Then the popularity distributions from the model & that from the trace were compared.
- Locality-Awareness: How well can we exploit the locality attribute of a P2P file-sharing workload?
- Measuring Locality in the workload: can be done with the help of a proxy cache. But this brings other legal
and/or political problems with it.
- Methodolgy: It can satisfy client requests by other clients within the same network. Has to keep track of
which peer is currently available & which peer has the requested file.
- Benefits: Saves bandwidth, improves hit-ratio
- Increasing the availability of peers helps improve the hit rate & thereby the overall performance of the
P2P application.
- Drawbacks:
- A KaZaa trace should not be generalized to all P2P workloads
- The KaZaa client behavior in a university does not represent the client behavior of the whole world
- Locality-awareness was simulated and not implemented.
[2] C. Dewes, A. Wichmann, A. Feldmann, "An Analysis of Internet Chat Systems", IMC 2003
paper
Summary: This paper talks about Internet Chat traffic and even presents a characterization
of this trace. The paper could be summarised as follows:
- Different types of chat systems:
- Internet Relay Chat [IRC]: uses a set of servers, clients, discussion channels. channel operators, IRC operator etc.

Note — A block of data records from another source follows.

(* Let $(\Omega,\mathcal{M})$ be a measurable space, $f\in\mathcal{F}_1(a,b)$, and $w_0=f'_+(1)$ (the right derivative of $f$ at $1$). Suppose $w_0$ lies in the interior of $\{f^*<\infty\}$ and $f$ is strictly convex on a neighborhood of $1$. If $P_n,P$ are probability measures on $\Omega$ and either $D_f(P_n\|P)\to0$ or $D_f(P\|P_n)\to0$, then $P_n\to P$ setwise, i.e. $P_n(A)\to P(A)$ for all $A\in\mathcal{M}$. If moreover $\Omega$ is a metric space and $\mathcal{M}$ its Borel $\sigma$-algebra, then $P_n\to P$ weakly.
   Context: For $-\infty\le a<1<b\le\infty$, $\mathcal{F}_1(a,b)$ is the set of convex functions $f:(a,b)\to\mathbb{R}$ with $f(1)=0$; $f$ is extended to $[a,b]$ by continuity and set to $\infty$ outside $[a,b]$. The $f$-divergence of probability measures is $D_f(\nu\|\mu)=E_\mu[f(d\nu/d\mu)]$ if $\nu\ll\mu$ and $\infty$ otherwise. $f^*(y)=\sup_{z}\{yz-f(z)\}$ is the Legendre transform of $f$. *)

From HB Require Import structures.
From mathcomp Require Import all_boot all_order all_algebra.
From mathcomp Require Import all_classical all_reals all_analysis.
Set Implicit Arguments. Unset Strict Implicit. Unset Printing Implicit Defensive.
Import Order.TTheory GRing.Theory Num.Theory.
Import numFieldNormedType.Exports.
Local Open Scope classical_set_scope.
Local Open Scope ring_scope.

Section fdiv_defs.
Context {R : realType}.

Definition oitv (a b : \bar R) : set R := [set x : R | (a < x%:E < b)%E].

Definition convex_on (f : R -> R) (I : set R) : Prop :=
  forall x y t, I x -> I y -> 0 <= t <= 1 ->
    f (t * x + (1 - t) * y) <= t * f x + (1 - t) * f y.

Definition strictly_convex_on (f : R -> R) (I : set R) : Prop :=
  forall x y t, I x -> I y -> x != y -> 0 < t < 1 ->
    f (t * x + (1 - t) * y) < t * f x + (1 - t) * f y.

Definition F1 (a b : \bar R) (f : R -> R) : Prop :=
  [/\ (a < 1%:E)%E, (1%:E < b)%E, convex_on f (oitv a b) & f 1 = 0].

Definition fext (a b : \bar R) (f : R -> R) (x : R) : \bar R :=
  if (a < x%:E < b)%E then (f x)%:E
  else if a == x%:E then lim ((fun y => (f y)%:E) @ x^'+)
  else if b == x%:E then lim ((fun y => (f y)%:E) @ x^'-)
  else +oo%E.

Definition rderiv (f : R -> R) (x : R) : R :=
  lim ((fun h => (f (x + h) - f x) / h) @ 0^'+).

Definition legendre (a b : \bar R) (f : R -> R) (y : R) : \bar R :=
  ereal_sup (range (fun z : R => ((y * z)%:E - fext a b f z)%E)).

Definition fdiv d (T : measurableType d) (a b : \bar R) (f : R -> R)
    (nu mu : probability T R) : \bar R :=
  if pselect (nu `<< mu) then
    (\int[mu]_x fext a b f (fine (Radon_Nikodym (charge_of_finite_measure nu) mu x)))%E
  else +oo%E.

End fdiv_defs.

From HB Require Import structures.
From mathcomp Require Import all_boot all_order all_algebra.
From mathcomp Require Import all_classical all_reals all_analysis.
From mathcomp Require Import ring lra measurable_realfun.
Import Order.TTheory GRing.Theory Num.Theory.
Import numFieldNormedType.Exports.
Local Open Scope classical_set_scope.
Local Open Scope ring_scope.

(* Let s be a subgradient of f at 1, so that h x := f x - s (x - 1) is convex,
   nonnegative and vanishes at 1. Strict convexity near 1 gives h (1 +- dl) > 0,
   and convexity then forces linear growth: h x >= k (|x - 1| - dl) for some
   k > 0, also at the endpoints of (a, b) where fext is a one-sided limit.
   Composing with the density rho = d nu / d mu, whose affine part integrates
   to 0, yields D_f(nu || mu) >= k (||rho - 1||_{L^1(mu)} - dl). As
   |int g d nu - int g d mu| <= sup |g| ||rho - 1||_{L^1(mu)}, and dl is
   arbitrary, integrals of bounded measurable g converge as soon as D_f tends
   to 0 in either argument; indicators give setwise convergence, bounded
   continuous functions weak convergence. *)

Section convex_on_theory.
Context {R : realType} {I : set R}.
Implicit Types (f : R -> R) (c s x y z : R).

Lemma convex_on_chord {f} x y z : convex_on f I -> I x -> I z -> x < y < z ->
  f y * (z - x) <= (z - y) * f x + (y - x) * f z.
Proof.
move=> cvx Ix Iz /andP[xy yz].
have zx : 0 < z - x by lra.
pose t := (z - y) / (z - x).
have t01 : 0 <= t <= 1 by rewrite ler_pdivrMr // divr_ge0 //; lra.
have tE : t * x + (1 - t) * z = y by rewrite /t; field; lra.
have := cvx x z t Ix Iz t01; rewrite tE -(ler_pM2r zx).
suff -> : (t * f x + (1 - t) * f z) * (z - x) = (z - y) * f x + (y - x) * f z by [].
by rewrite /t; field; lra.
Qed.

Lemma convex_on_tilt {f} s c : convex_on f I -> convex_on (fun x => f x - s * (x - c)) I.
Proof. by move=> cvx x y t Ix Iy t01; have := cvx x y t Ix Iy t01; lra. Qed.

Lemma strictly_convex_on_tilt {f} s c : strictly_convex_on f I ->
  strictly_convex_on (fun x => f x - s * (x - c)) I.
Proof. by move=> cvx x y t Ix Iy xy t01; have := cvx x y t Ix Iy xy t01; lra. Qed.

Lemma convex_on_subgradient {f} c x0 y0 : convex_on f I -> I x0 -> I y0 ->
  x0 < c < y0 -> exists s, forall x, I x -> f c + s * (x - c) <= f x.
Proof.
move=> cvx Ix0 Iy0 /andP[x0c cy0].
pose S := [set (f c - f x) / (c - x) | x in [set x | I x /\ x < c]].
have S_ub y : I y -> c < y -> ubound S ((f y - f c) / (y - c)).
  move=> Iy cy _ [x [Ix xc] <-].
  have := convex_on_chord x c y cvx Ix Iy; rewrite xc cy => /(_ isT) chord.
  rewrite ler_pdivrMr ?subr_gt0 // mulrAC ler_pdivlMr ?subr_gt0 //; nra.
have S0 : S !=set0 by exists ((f c - f x0) / (c - x0)); exists x0.
have supS : has_sup S by split => //; exists ((f y0 - f c) / (y0 - c)); exact: S_ub.
exists (sup S) => x Ix.
have [xc|cx|->] := ltgtP x c; last by rewrite subrr mulr0 addr0.
- have : S ((f c - f x) / (c - x)) by exists x.
  move/(sup_upper_bound supS); rewrite ler_pdivrMr ?subr_gt0 //; lra.
- have := ge_sup S0 (S_ub x Ix cx); rewrite ler_pdivlMr ?subr_gt0 //; lra.
Qed.

End convex_on_theory.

- Web-based chat systems: a single server with a web browser interface which is more "social" than IRC.
- ICQ & AIM: are stand-alone client applications which have to be downloaded & installed on the local host. They use UDP as the
transport protocol.
- Gale: encrypts its messages cryptographically
- Identifying chat traffic:
- IRC:monitor traffic on port 6667, mainly small packets, session lasts for more than a few minutes
- Web-chat: very difficult to implement, monitor cache-control headers, monitor scripting languages being used,
or even use of applets, use of "chat" in filename, script, page, path etc.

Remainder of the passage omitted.